After some general thoughts, or expert knowledge if anyone has it.

I know we are not meant to use flight socks etc because of the bloodflow etc, but when running is the proper compression clothing (I am thinking mainly of shorts/tights) OK as I have developed a bit of a weak hamstring but dont want to stop altogether for a few weeks as that will mean massive food intake changes!

I would only be wearing it during training runs, but dont want to invest in the proper stuff if it is a No-No.

Cheers
Malc


----------



## Northerner (Nov 3, 2013)

I wear Nike Men's Tech Tights to keep my legs warm when the weather gets cold and they do help with twinges in the muscles also. I find they also make a big difference on longer runs as they seem to reduce muscle fatigue. I've had mine for years, they are expensive to buy but last forever!  OK, I might look like Max Wall, but who cares! 

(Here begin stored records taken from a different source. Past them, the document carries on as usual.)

(* Let $\Omega$ be finite, $\mathcal P$ the probability functions on $\Omega$, $M$ finite, and $s:\mathcal P\to[-\infty,M]^\Omega$ a proper scoring rule on $\mathcal P$ with $E_p s(p)$ finite for all $p\in\mathcal P$. Let $F=s[\mathcal P]\cap\mathbb R^\Omega$ be the set of finite scores. Suppose that for every convergent sequence $(p_n)$ in $\hat{\mathcal P}$ with $s(p_n)\in F$ for all $n$, we have $\lim_n\langle p_n,s(p_n)\rangle=\langle p,s(p)\rangle$, where $p=\lim_n p_n$. Then $\sigma_F(p)=\langle p,s(p)\rangle$ for all $p\in\hat{\mathcal P}$.
   Context: $\hat{\mathcal P}$ is the set of functions $q:\Omega\to[0,1]$ with $\sum_\omega q(\omega)=1$ (identified with probabilities via $q(\omega)=p(\{\omega\})$), with the Euclidean topology; for $q\in\hat{\mathcal P}$, $s(q)$ means $s$ of the corresponding probability. $\langle f,g\rangle=\sum_\omega f(\omega)\cdot g(\omega)$ for $f\in[0,1]^\Omega$ (or $f\in\mathbb R^\Omega$ when $g$ finite), $g\in[-\infty,\infty)^\Omega$, with the convention $a\cdot0=0\cdot a=0$ for all extended reals $a$; thus $E_p g=\langle\hat p,g\rangle$. $s$ is proper if $E_p s(p)\ge E_p s(q)$ for all probabilities $p,q$. For $F\subseteq\mathbb R^\Omega$ and $v$, $\sigma_F(v)=\sup_{z\in F}\langle v,z\rangle$. *)

From HB Require Import structures.
From mathcomp Require Import all_boot all_order all_algebra.
From mathcomp Require Import all_classical all_reals all_analysis.
Set Implicit Arguments. Unset Strict Implicit. Unset Printing Implicit Defensive.
Import Order.TTheory GRing.Theory Num.Theory.
Import numFieldNormedType.Exports.
Local Open Scope ring_scope.
Local Open Scope classical_set_scope.
Local Open Scope ereal_scope.

Section Defs.
Variables (R : realType) (Omega : finType).

Definition is_prob (q : Omega -> R) : Prop :=
  (forall w, (0 <= q w)%R) /\ (\sum_(w : Omega) q w)%R = 1%R.

(* <f, g> = sum_w f w * g w, with the convention 0 * (-oo) = 0
   (which is mathcomp-analysis' ereal multiplication convention) *)
Definition ip (f : Omega -> R) (g : Omega -> \bar R) : \bar R :=
  \sum_(w : Omega) ((f w)%:E * g w).

Definition proper_score (s : (Omega -> R) -> Omega -> \bar R) : Prop :=
  forall p q, is_prob p -> is_prob q -> ip p (s q) <= ip p (s p).

Definition finite_scores (s : (Omega -> R) -> Omega -> \bar R) : set (Omega -> R) :=
  [set z | exists q, is_prob q /\ s q = (fun w => (z w)%:E)].

Definition support_fun (F : set (Omega -> R)) (v : Omega -> R) : \bar R :=
  ereal_sup [set ip v (fun w => (z w)%:E) | z in F].

End Defs.

From HB Require Import structures.
From mathcomp Require Import all_boot all_order all_algebra.
From mathcomp Require Import all_classical all_reals all_analysis.
From mathcomp Require Import ring.
Import Order.TTheory GRing.Theory Num.Theory.
Import numFieldNormedType.Exports.
Local Open Scope ring_scope.
Local Open Scope classical_set_scope.
Local Open Scope ereal_scope.

(* Properness gives sigma_F(p) <= <p, s(p)>.  For the converse, mix p with the
   uniform distribution: p_n = (1 - 1/(n+1)) p + 1/(n+1) u has full support, so
   the bound s <= M forbids +oo and finiteness of <p_n, s(p_n)> forbids -oo in
   s(p_n); thus s(p_n) is in F.  By linearity in the first argument and s <= M,
   <p_n, s(p_n)> <= (1 - 1/(n+1)) sigma_F(p) + M/(n+1), and the continuity
   hypothesis lets n tend to infinity. *)

Lemma le_of_cvg_convex_bound (R : realType) (e a : nat -> R) (t r M : R) :
  e n @[n --> \oo] --> 0%R -> a n @[n --> \oo] --> t ->
  (forall n, a n <= (1 - e n) * r + e n * M)%R -> (t <= r)%R.
Proof.
move=> e0 at_ le_a.
have bound_r : ((1 - e n) * r + e n * M)%R @[n --> \oo] --> r.
  rewrite [X in _ --> X](_ : r = (1 - 0) * r + 0 * M)%R; last by ring.
  apply: cvgD; apply: cvgM => //; try exact: cvg_cst.
  exact: cvgB (cvg_cst _) e0.
rewrite -(cvg_lim _ at_) // -(cvg_lim _ bound_r) //.
apply: ler_lim; [by apply/cvg_ex; exists t | by apply/cvg_ex; exists r |].
exact: nearW.
Qed.

Section ProbabilityFunctions.
Set Implicit Arguments.
Unset Strict Implicit.
Variables (R : realType) (Omega : finType).
Implicit Types (p q : Omega -> R) (z : Omega -> R).

Lemma ipEFin p z : ip p (fun w => (z w)%:E) = (\sum_w p w * z w)%:E.
Proof. by rewrite /ip -sumEFin; apply: eq_bigr => w _; rewrite EFinM. Qed.

Lemma is_prob_card_gt0 p : is_prob p -> (0 < #|Omega|)%N.
Proof.
case=> _ sum1; rewrite lt0n; apply/eqP => /card0_eq Omega0.
by move: sum1; rewrite big_pred0 // => /eqP; rewrite eq_sym oner_eq0.
Qed.

Definition uniform_prob : Omega -> R := fun=> ((#|Omega|%:R)^-1)%R.

Lemma is_prob_uniform : (0 < #|Omega|)%N -> is_prob uniform_prob.
Proof.
move=> Omega_gt0; split=> [w|]; first by rewrite invr_ge0 ler0n.
by rewrite /uniform_prob sumr_const -[RHS](@mulVf _ #|Omega|%:R) ?mulr_natr // pnatr_eq0 -lt0n.
Qed.

Lemma uniform_prob_gt0 w : (0 < uniform_prob w)%R.
Proof. by rewrite invr_gt0 ltr0n; apply/card_gt0P; exists w. Qed.

Definition mix_prob (e : R) p q : Omega -> R := fun w => ((1 - e) * p w + e * q w)%R.

Lemma is_prob_mix (e : R) p q :
  (0 <= e <= 1)%R -> is_prob p -> is_prob q -> is_prob (mix_prob e p q).
Proof.
move=> /andP[e0 e1] [p0 p1] [q0 q1]; split=> [w|].
  by rewrite addr_ge0 // mulr_ge0 // subr_ge0.
by rewrite big_split /= -!mulr_sumr p1 q1; ring.
Qed.

Lemma mix_prob_gt0 (e : R) p q w :
  (0 < e <= 1)%R -> is_prob p -> (0 < q w)%R -> (0 < mix_prob e p q w)%R.
Proof.
move=> /andP[e0 e1] [p0 _] qw0; apply: ltr_pwDr; first by rewrite mulr_gt0.
by rewrite mulr_ge0 // subr_ge0.
Qed.

Lemma sum_mix_prob (e : R) p q z :
  (\sum_w mix_prob e p q w * z w =
     (1 - e) * (\sum_w p w * z w) + e * (\sum_w q w * z w))%R.
Proof.
by rewrite !mulr_sumr -big_split /=; apply: eq_bigr => w _; rewrite /mix_prob; ring.
Qed.

Lemma expectation_le_bound p z (M : R) :
  is_prob p -> (forall w, z w <= M)%R -> (\sum_w p w * z w <= M)%R.
Proof.
move=> [p0 p1] zM; rewrite -[M]mul1r -p1 mulr_suml.
by apply: ler_sum => w _; apply: ler_wpM2l.
Qed.

Lemma sum_mix_prob_le (e r M : R) p q z :
  (0 <= e <= 1)%R -> is_prob q -> (forall w, z w <= M)%R ->
  (\sum_w p w * z w <= r)%R ->
  (\sum_w mix_prob e p q w * z w <= (1 - e) * r + e * M)%R.
Proof.
move=> /andP[e0 e1] qP zM pz_le_r; rewrite sum_mix_prob.
by apply: lerD; apply: ler_wpM2l; rewrite ?subr_ge0 //; apply: expectation_le_bound.
Qed.

Lemma cvg_mix_prob (e : nat -> R) p q w :
  e n @[n --> \oo] --> 0%R -> mix_prob (e n) p q w @[n --> \oo] --> p w.
Proof.
move=> e0; rewrite [X in _ --> X](_ : p w = (1 - 0) * p w + 0 * q w)%R; last by ring.
apply: cvgD; apply: cvgM => //; try exact: cvg_cst.
exact: cvgB (cvg_cst _) e0.
Qed.


Lemma ip_le_support_fun (F : set (Omega -> R)) p z :
  F z -> ip p (fun w => (z w)%:E) <= support_fun F p.
Proof. by move=> Fz; apply: ereal_sup_ubound; exists z. Qed.

Section Scores.
Variables (s : (Omega -> R) -> Omega -> \bar R) (M : R).
Hypothesis s_le_M : forall p, is_prob p -> forall w, s p w <= M%:E.
Hypothesis ip_score_fin : forall p, is_prob p -> ip p (s p) \is a fin_num.

Lemma support_fun_le_ip_score p :
  proper_score s -> is_prob p -> support_fun (finite_scores s) p <= ip p (s p).
Proof.
by move=> s_proper pP; apply: ge_ereal_sup => _ [z [q [qP <-]] <-]; apply: s_proper.
Qed.

(* A value -oo at a point of positive mass would make <q, s(q)> = -oo. *)
Lemma score_finite_of_pos q :
  is_prob q -> (forall w, (0 < q w)%R) ->
  s q = (fun w => (fine (s q w))%:E).
Proof.
move=> qP q_gt0; apply: funext => w; case sqw: (s q w) => [r| |] //.
  by have := s_le_M qP w; rewrite sqw.
have := ip_score_fin qP; rewrite fin_numE => /andP[/eqP []].
apply/eqP; rewrite /ip esum_eqNy; apply/existsP; exists w.
by rewrite sqw mulrNy gtr0_sg ?q_gt0 // mul1e.
Qed.

Lemma finite_scores_of_pos q :
  is_prob q -> (forall w, (0 < q w)%R) ->
  exists2 z, finite_scores s z & s q = (fun w => (z w)%:E).
Proof.
move=> qP q_gt0; have sqE := score_finite_of_pos qP q_gt0.
by exists (fun w => fine (s q w)) => //; exists q.
Qed.

End Scores.
End ProbabilityFunctions.

Arguments uniform_prob {R Omega}.
Arguments is_prob_uniform {R Omega}.
Arguments uniform_prob_gt0 {R Omega}.

Theorem lemma2 (R : realType) (Omega : finType) (M : R)
    (s : (Omega -> R) -> Omega -> \bar R)
    (hM : forall p, is_prob p -> forall w, s p w <= M%:E)
    (hproper : proper_score s)
    (hfin : forall p, is_prob p -> ip p (s p) \is a fin_num)
    (hcont : forall (pn : nat -> Omega -> R) (p : Omega -> R),
        (forall n, is_prob (pn n)) ->
        (forall w, (fun n => pn n w) @ \oo --> p w) ->
        (forall n, exists2 z, finite_scores s z & s (pn n) = (fun w => (z w)%:E)) ->
        (fun n => ip (pn n) (s (pn n))) @ \oo --> ip p (s p)) :
  forall p : Omega -> R, is_prob p -> support_fun (finite_scores s) p = ip p (s p).
Proof.
move=> p pP.
have ub := support_fun_le_ip_score hproper pP.
have ipE : ip p (s p) = (fine (ip p (s p)))%:E by rewrite fineK ?hfin.
have uP : is_prob (uniform_prob : Omega -> R) := is_prob_uniform (is_prob_card_gt0 pP).
pose e n : R := ((n.+1%:R)^-1)%R.
have e_range n : (0 < e n <= 1)%R by rewrite invr_gt0 ltr0n invf_le1 ?ler1n ?ltr0n.
have e_bounds n : (0 <= e n <= 1)%R by case/andP: (e_range n) => /ltW -> ->.
have e_cvg : e n @[n --> \oo] --> 0%R := cvg_harmonic.
pose pn n := mix_prob (e n) p uniform_prob.
have pnP n : is_prob (pn n) := is_prob_mix (e_bounds n) pP uP.
have pn_gt0 n w : (0 < pn n w)%R := mix_prob_gt0 (e_range n) pP (uniform_prob_gt0 w).
pose z n w := fine (s (pn n) w).
have snE n : s (pn n) = (fun w => (z n w)%:E) := score_finite_of_pos hM hfin (pnP n) (pn_gt0 n).
have lim := hcont pn p pnP (fun w => cvg_mix_prob uniform_prob e_cvg)
  (fun n => finite_scores_of_pos hM hfin (pnP n) (pn_gt0 n)).
have lb n : (\sum_w p w * z n w)%:E <= support_fun (finite_scores s) p.
  by rewrite -ipEFin; apply: ip_le_support_fun; exists (pn n).
move: ub lb; rewrite ipE; case: (support_fun _ _) => [r| |] //; last first.
  by move=> _ /(_ 0%N).
rewrite lee_fin => ub lb; apply/eqP; rewrite eq_le lee_fin ub /=.
apply: (@le_of_cvg_convex_bound R e (fun n => \sum_w pn n w * z n w)%R _ _ M e_cvg).
  move: lim; rewrite ipE => /fine_cvg; apply: cvg_trans; apply: near_eq_cvg.
  by apply: nearW => n /=; rewrite snE ipEFin.
move=> n; apply: sum_mix_prob_le (e_bounds n) uP _ _; last by rewrite -lee_fin.
by move=> w; have := hM _ (pnP n) w; rewrite snE lee_fin.
Qed.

Do take care with your injury though Malc, don't want to go making it worse by running before you are ready for it, might be worth seeing a sports physio for advice, or trying some non-impact alternatives like swimming or cycling to strengthen it. If you do run, make sure you get plenty of recovery time in between runs


----------



## HOBIE (Nov 7, 2013)

Good luck Malc on sorting


----------



## BigMalc (Nov 8, 2013)

Cheers guys, 

Need to get the mileage up a bit as got 3 halfs to do before the end of the year, so will keep trying to balance rest and efforts.

ttfn


----------



## Northerner (Nov 8, 2013)

BigMalc said:


> Cheers guys,
> 
> Need to get the mileage up a bit as got 3 halfs to do before the end of the year, so will keep trying to balance rest and efforts.
> 
> ttfn



THREE before the end of the year? You really have got the bug, haven't you!  Hope all goes well!


----------



## BigMalc (Nov 12, 2013)

Make that two at best as slight calf strain means this weekends one wont be happening!


----------



## Northerner (Nov 12, 2013)

BigMalc said:


> Make that two at best as slight calf strain means this weekends one wont be happening!



Grrr! So frustrating!  Hope you are back to full strength very soon!


----------